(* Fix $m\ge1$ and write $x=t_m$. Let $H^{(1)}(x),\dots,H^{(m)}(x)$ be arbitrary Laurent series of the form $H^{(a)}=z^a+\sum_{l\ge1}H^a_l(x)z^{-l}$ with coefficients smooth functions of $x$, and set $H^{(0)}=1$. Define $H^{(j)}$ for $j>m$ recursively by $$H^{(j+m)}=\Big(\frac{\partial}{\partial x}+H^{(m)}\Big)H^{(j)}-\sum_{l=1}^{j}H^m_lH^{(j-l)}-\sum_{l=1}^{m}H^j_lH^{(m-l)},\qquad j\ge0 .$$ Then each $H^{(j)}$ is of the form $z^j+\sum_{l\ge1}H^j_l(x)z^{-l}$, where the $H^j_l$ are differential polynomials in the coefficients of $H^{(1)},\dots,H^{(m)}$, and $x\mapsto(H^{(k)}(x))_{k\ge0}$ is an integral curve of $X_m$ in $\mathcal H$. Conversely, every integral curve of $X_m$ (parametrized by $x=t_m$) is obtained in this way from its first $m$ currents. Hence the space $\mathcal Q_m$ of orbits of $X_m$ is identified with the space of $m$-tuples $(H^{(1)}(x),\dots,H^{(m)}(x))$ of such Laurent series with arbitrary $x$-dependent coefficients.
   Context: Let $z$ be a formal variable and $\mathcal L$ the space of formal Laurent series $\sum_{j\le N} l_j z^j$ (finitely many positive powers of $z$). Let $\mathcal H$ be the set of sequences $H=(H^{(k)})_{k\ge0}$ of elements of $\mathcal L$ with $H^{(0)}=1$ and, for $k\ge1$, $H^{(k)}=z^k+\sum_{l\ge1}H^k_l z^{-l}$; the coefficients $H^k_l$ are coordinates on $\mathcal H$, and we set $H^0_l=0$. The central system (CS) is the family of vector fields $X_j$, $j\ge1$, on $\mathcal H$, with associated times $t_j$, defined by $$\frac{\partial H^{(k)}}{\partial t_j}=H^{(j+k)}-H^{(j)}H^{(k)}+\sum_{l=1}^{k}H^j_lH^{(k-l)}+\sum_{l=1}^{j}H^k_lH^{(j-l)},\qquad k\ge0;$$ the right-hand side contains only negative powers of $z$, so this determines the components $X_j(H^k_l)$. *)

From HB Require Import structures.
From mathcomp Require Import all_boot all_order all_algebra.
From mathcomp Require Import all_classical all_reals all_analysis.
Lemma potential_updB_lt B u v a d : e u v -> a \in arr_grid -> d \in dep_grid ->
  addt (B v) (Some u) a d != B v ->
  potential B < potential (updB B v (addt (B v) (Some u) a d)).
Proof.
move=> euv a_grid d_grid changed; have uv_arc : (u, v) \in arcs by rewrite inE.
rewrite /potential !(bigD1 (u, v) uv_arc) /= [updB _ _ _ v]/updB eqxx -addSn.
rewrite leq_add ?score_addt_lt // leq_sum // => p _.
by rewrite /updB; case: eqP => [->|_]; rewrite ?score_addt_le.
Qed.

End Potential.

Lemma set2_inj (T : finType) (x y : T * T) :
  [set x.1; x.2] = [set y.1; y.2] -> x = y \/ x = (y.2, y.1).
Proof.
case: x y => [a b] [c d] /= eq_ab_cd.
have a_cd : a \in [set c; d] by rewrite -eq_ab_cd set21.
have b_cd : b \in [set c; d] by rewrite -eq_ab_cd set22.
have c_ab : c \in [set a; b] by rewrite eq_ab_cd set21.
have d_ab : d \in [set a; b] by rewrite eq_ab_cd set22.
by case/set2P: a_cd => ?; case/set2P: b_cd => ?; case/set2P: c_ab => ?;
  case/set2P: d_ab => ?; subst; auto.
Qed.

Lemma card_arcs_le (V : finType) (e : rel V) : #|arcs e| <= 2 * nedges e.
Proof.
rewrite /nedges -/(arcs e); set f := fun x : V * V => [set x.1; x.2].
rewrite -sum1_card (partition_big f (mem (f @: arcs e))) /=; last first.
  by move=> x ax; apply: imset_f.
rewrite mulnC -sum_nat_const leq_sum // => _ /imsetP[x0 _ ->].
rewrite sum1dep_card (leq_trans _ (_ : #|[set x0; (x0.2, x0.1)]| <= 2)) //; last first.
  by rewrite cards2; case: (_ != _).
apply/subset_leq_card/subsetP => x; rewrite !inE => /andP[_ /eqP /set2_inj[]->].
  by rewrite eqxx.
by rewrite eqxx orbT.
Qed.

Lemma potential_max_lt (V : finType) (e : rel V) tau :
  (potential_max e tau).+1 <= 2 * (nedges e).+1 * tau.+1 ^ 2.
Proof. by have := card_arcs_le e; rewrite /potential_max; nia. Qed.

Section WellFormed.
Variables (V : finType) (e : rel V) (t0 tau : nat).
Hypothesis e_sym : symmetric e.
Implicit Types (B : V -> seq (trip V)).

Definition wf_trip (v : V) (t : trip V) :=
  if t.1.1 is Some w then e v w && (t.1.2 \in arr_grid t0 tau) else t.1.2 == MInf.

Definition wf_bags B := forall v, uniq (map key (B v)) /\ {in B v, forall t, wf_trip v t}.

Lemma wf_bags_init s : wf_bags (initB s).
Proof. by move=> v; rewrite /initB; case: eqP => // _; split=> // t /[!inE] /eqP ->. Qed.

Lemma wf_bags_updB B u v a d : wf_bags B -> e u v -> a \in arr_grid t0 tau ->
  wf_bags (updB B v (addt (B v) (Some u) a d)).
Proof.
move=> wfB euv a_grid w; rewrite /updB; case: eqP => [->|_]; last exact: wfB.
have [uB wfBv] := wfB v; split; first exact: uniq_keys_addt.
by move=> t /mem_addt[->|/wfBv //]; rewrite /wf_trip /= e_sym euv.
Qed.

● ● ● ●

* [EXERCISE PROMPT]: Above are the entries. Output exactly the lines beginning with the line that has "case/set2P: d_ab => ?; subst; auto." and ending with the line that has "have [uB wfBv]".

* [EXERCISE OUTPUT]:
  case/set2P: d_ab => ?; subst; auto.
Qed.

Lemma card_arcs_le (V : finType) (e : rel V) : #|arcs e| <= 2 * nedges e.
Proof.
rewrite /nedges -/(arcs e); set f := fun x : V * V => [set x.1; x.2].
rewrite -sum1_card (partition_big f (mem (f @: arcs e))) /=; last first.
  by move=> x ax; apply: imset_f.
rewrite mulnC -sum_nat_const leq_sum // => _ /imsetP[x0 _ ->].
rewrite sum1dep_card (leq_trans _ (_ : #|[set x0; (x0.2, x0.1)]| <= 2)) //; last first.
  by rewrite cards2; case: (_ != _).
apply/subset_leq_card/subsetP => x; rewrite !inE => /andP[_ /eqP /set2_inj[]->].
  by rewrite eqxx.
by rewrite eqxx orbT.
Qed.

Lemma potential_max_lt (V : finType) (e : rel V) tau :
  (potential_max e tau).+1 <= 2 * (nedges e).+1 * tau.+1 ^ 2.
Proof. by have := card_arcs_le e; rewrite /potential_max; nia. Qed.

Section WellFormed.
Variables (V : finType) (e : rel V) (t0 tau : nat).
Hypothesis e_sym : symmetric e.
Implicit Types (B : V -> seq (trip V)).

Definition wf_trip (v : V) (t : trip V) :=
  if t.1.1 is Some w then e v w && (t.1.2 \in arr_grid t0 tau) else t.1.2 == MInf.

Definition wf_bags B := forall v, uniq (map key (B v)) /\ {in B v, forall t, wf_trip v t}.

Lemma wf_bags_init s : wf_bags (initB s).
Proof. by move=> v; rewrite /initB; case: eqP => // _; split=> // t /[!inE] /eqP ->. Qed.

Lemma wf_bags_updB B u v a d : wf_bags B -> e u v -> a \in arr_grid t0 tau ->
  wf_bags (updB B v (addt (B v) (Some u) a d)).
Proof.
move=> wfB euv a_grid w; rewrite /updB; case: eqP => [->|_]; last exact: wfB.
have [uB wfBv] := wfB v; split; first exact: uniq_keys_addt.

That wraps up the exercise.